Johny Pitts foregrounds the everyday Black experience along the British coastline
“I keep everything,” Pitts laughs. “There’s so many terrible photographs in my archive. It’s about seven terabytes, and maybe only 3 per cent of it is usable. But it’s amazing how, as the years go by, I find new things. What I thought was a terrible image that just didn’t work, suddenly it’s like, ‘Actually, yeah.’ You see it in a new light.” As circumstances change, how one valorises images changes in tandem. Different stories can be extracted from the same materials, and one can re-evaluate what is considered worthy.
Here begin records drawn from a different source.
(* Let $$A=\begin{bmatrix}-1&0&1&0&0&0\\0&-1&0&0&0&0\\0&0&3&0&0&0\\0&0&1&4&0&0\\0&0&0&0&4&0\\0&0&0&0&0&4\end{bmatrix},\qquad B=\begin{bmatrix}0\\1\\1\\0\\0\\1\end{bmatrix}.$$ Then $r_c(A,B)=3$, whereas $\min\{|J|: J\subseteq\{1,\dots,6\},\ (A,[B,I_6(:,J)])\text{ controllable}\}=2$.
   Context: $r_c(A,B)=\min\{\|[\Delta A,\Delta B]\|_0: \Delta A\in\mathbb{R}^{n\times n},\Delta B\in\mathbb{R}^{n\times m},(A+\Delta A,B+\Delta B)\text{ controllable}\}$, where $\|M\|_0$ is the number of nonzero entries of $M$. $I_6(:,J)$ is the submatrix of the $6\times6$ identity formed by columns indexed by $J$. Controllability means $\operatorname{rank}[B,AB,\dots,A^{n-1}B]=n$. *)

From HB Require Import structures.
From mathcomp Require Import all_boot all_order all_algebra.
From mathcomp Require Import reals.
Set Implicit Arguments. Unset Strict Implicit. Unset Printing Implicit Defensive.
Import Order.TTheory GRing.Theory Num.Theory.
Local Open Scope ring_scope.

Definition ctrb_mx {F : fieldType} (n m : nat) (A : 'M[F]_n) (B : 'M[F]_(n, m)) :=
  \mxrow_(k < n) (A ^+ k *m B).

Definition controllable {F : fieldType} (n m : nat) (A : 'M[F]_n) (B : 'M[F]_(n, m)) :=
  \rank (ctrb_mx A B) = n.

Definition nnz {F : fieldType} (p q : nat) (M : 'M[F]_(p, q)) : nat :=
  #|[set ij : 'I_p * 'I_q | M ij.1 ij.2 != 0]|.

Definition is_min (P : nat -> Prop) (k : nat) : Prop :=
  P k /\ forall j, P j -> (k <= j)%N.

Definition rc_eq {F : fieldType} (n m : nat) (A : 'M[F]_n) (B : 'M[F]_(n, m)) (k : nat) :=
  is_min (fun j => exists (dA : 'M[F]_n) (dB : 'M[F]_(n, m)),
            controllable (A + dA) (B + dB) /\ nnz (row_mx dA dB) = j) k.

(* I_n(:,J): columns of the identity indexed by J (in increasing order). *)
Definition idcols (F : fieldType) (n : nat) (J : {set 'I_n}) : 'M[F]_(n, #|J|) :=
  \matrix_(i < n, k < #|J|) (i == enum_val k)%:R.

Definition mx_of_seq (F : fieldType) (p q : nat) (s : seq (seq int)) : 'M[F]_(p, q) :=
  \matrix_(i < p, j < q) (nth 0 (nth [::] s i) j)%:~R.

Definition A7 (R : realType) : 'M[R]_6 := @mx_of_seq R 6 6
  [:: [:: -1; 0; 1; 0; 0; 0];
      [:: 0; -1; 0; 0; 0; 0];
      [:: 0; 0; 3; 0; 0; 0];
      [:: 0; 0; 1; 4; 0; 0];
      [:: 0; 0; 0; 0; 4; 0];
      [:: 0; 0; 0; 0; 0; 4]]%Z.

Definition B7 (R : realType) : 'M[R]_(6, 1) := @mx_of_seq R 6 1
  [:: [:: 0]; [:: 1]; [:: 1]; [:: 0]; [:: 0]; [:: 1]]%Z.

From mathcomp Require Import all_boot all_order all_algebra.
From mathcomp Require Import reals.
From mathcomp Require Import ring lra.
Import Order.TTheory GRing.Theory Num.Theory.
Set Implicit Arguments.
Unset Strict Implicit.
Unset Printing Implicit Defensive.
Local Open Scope ring_scope.

(* Popov-Belevitch-Hautus: a nonzero row vector v with v A = l v and v B = 0
   makes (A, B) uncontrollable.  Counting rows and columns from 0, the pair
   (A7, B7) has three such vectors, supported on the rows {4}, {2,3,5} and
   {0,1,2}: e_4 and (0,0,1,1,0,-1) for the eigenvalue 4 and (-4,-1,1,0,0,0)
   for -1.  A perturbation [dA, dB] vanishing on the support of one of them
   leaves it intact, so a perturbation restoring controllability touches row 4,
   one of the rows 2,3,5 and one of the rows 0,1,2.  With two nonzero entries
   this forces one entry in row 4 and one in row 2, and for each of the 7 x 7
   positions of these entries an explicit vector still witnesses
   uncontrollability.  The vectors e_4 and (0,0,1,1,0,-1) likewise show that a
   single extra input column e_i never suffices.  Controllability with three
   perturbed entries, or with the input columns e_2 and e_4, is checked by
   showing that v A^k B = 0 for all k forces v = 0. *)

Section Controllability.
Variable F : fieldType.

Lemma left_eigenvector_uncontrollable n m (A : 'M[F]_n) (B : 'M[F]_(n, m))
    (v : 'rV_n) (l : F) :
  v != 0 -> v *m A = l *: v -> v *m B = 0 -> ~ controllable A B.
Proof.
move=> v_nz vA vB ctrl.
have vAk k : v *m A ^+ k = l ^+ k *: v.
  elim: k => [|k IHk]; first by rewrite expr0 mulmx1 scale1r.
  by rewrite exprSr -mulmxE mulmxA IHk -scalemxAl vA scalerA -exprSr.
have free : row_free (ctrb_mx A B) by rewrite /row_free ctrl.
move/negP: v_nz; apply; apply/eqP/(row_free_inj free).
rewrite mul0mx /ctrb_mx mul_mxrow -(mxrow0 (q_ := fun _ => m)).
by apply: eq_mxrow => k; rewrite mulmxA vAk -scalemxAl vB scaler0.
Qed.

Lemma controllable_of_left_kernel n m (A : 'M[F]_n) (B : 'M[F]_(n, m)) :
  (forall v : 'rV_n, (forall k, (k < n)%N -> v *m A ^+ k *m B = 0) -> v = 0) ->
  controllable A B.
Proof.
move=> kerAB; apply/eqP; change (row_free (ctrb_mx A B)).
apply/inj_row_free => v vC0; apply: kerAB => k lt_kn.
have := congr1 (fun C => submxrow C (Ordinal lt_kn)) vC0.
by rewrite /ctrb_mx mul_mxrow mxrowK submxrow0 mulmxA.
Qed.

Lemma mulmx_support_eq0 p q (v : 'rV[F]_p) (M : 'M[F]_(p, q)) :
  (forall i, v 0 i != 0 -> row i M = 0) -> v *m M = 0.
Proof.
move=> Mv0; apply/rowP => c; rewrite !mxE big1 // => i _.
have [-> | /Mv0 /rowP /(_ c)] := eqVneq (v 0 i) 0; first by rewrite mul0r.
by rewrite !mxE => ->; rewrite mulr0.
Qed.

Lemma uncontrollable_perturbed n m (A : 'M[F]_n) (B : 'M[F]_(n, m))
    (M : 'M[F]_(n, n + m)) (v : 'rV_n) (l : F) :
  v != 0 -> v *m A = l *: v -> v *m B = 0 ->
  (forall i, v 0 i != 0 -> row i M = 0) ->
  ~ controllable (A + lsubmx M) (B + rsubmx M).
Proof.
move=> v_nz vA vB /mulmx_support_eq0.
rewrite -[M]hsubmxK mul_mx_row -row_mx0 row_mxKl row_mxKr => /eq_row_mx [vdA vdB].
by apply: (left_eigenvector_uncontrollable (l := l) v_nz); rewrite mulmxDr ?vdA ?vdB addr0.
Qed.

Lemma mul_idcols_eq0 n (w : 'rV[F]_n) (J : {set 'I_n}) :
  w *m idcols F J = 0 <-> {in J, forall i, w 0 i = 0}.
Proof.
split=> [wJ0 i iJ | wJ0].
  have := congr1 (fun u : 'rV_#|J| => u 0 (enum_rank_in iJ i)) wJ0.
  rewrite !mxE (bigD1 i) //= big1 => [|k /negbTE ki]; rewrite !mxE enum_rankK_in //.
    by rewrite eqxx mulr1 addr0.
  by rewrite ki mulr0.
apply/rowP => k; rewrite !mxE (bigD1 (enum_val k)) //= big1 => [|i /negbTE ik].
  by rewrite mxE eqxx mulr1 wJ0 ?enum_valP // addr0.
by rewrite mxE ik mulr0.
Qed.

End Controllability.

Lemma card_le2_eq (T : finType) (S : {set T}) (x y z : T) :
  (#|S| <= 2)%N -> x \in S -> y \in S -> z \in S -> x != y -> x != z -> y = z.
Proof.
move=> S_le2 xS yS zS xy xz; apply/eqP; apply: contraTT S_le2 => yz.
have sub : x |: (y |: [set z]) \subset S by apply/subsetP => t; rewrite !inE => /or3P [] /eqP ->.
rewrite -ltnNge; apply: leq_trans (subset_leq_card sub).
by rewrite !cardsU1 cards1 !inE negb_or xy xz yz.
Qed.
A companion exhibition to the book is on show at Graves Gallery in Sheffield – Pitts’ hometown – until 24 December, and will migrate to Stills in Edinburgh in spring 2023. The exhibition was commissioned by Photoworks for the inaugural Ampersand/Photoworks Fellowship. “I wanted to create conditions under which a Black or working-class community could feel at home,” Pitts says. “It’s important to take all these semiotic visuals and atmospheres and think, ‘How do I welcome people into this space?’” Pitts’ family helped bring the exhibition to life: his sister made a playlist from a local pirate radio station and a table for people to sit at, peppered with maps and family albums. His cousin constructed a model of Pitts’ childhood home; his niece and her friends helped with production. Creating a feeling of respite was important, and Pitts wants viewers to find resonance in his images beyond the artistic effort that brought them about. Appreciative visitors have contacted him to say: ‘I was looking through your family albums, and I remembered having wallpaper like that’. “Those little touches,” says Pitts, “mean everything to me.”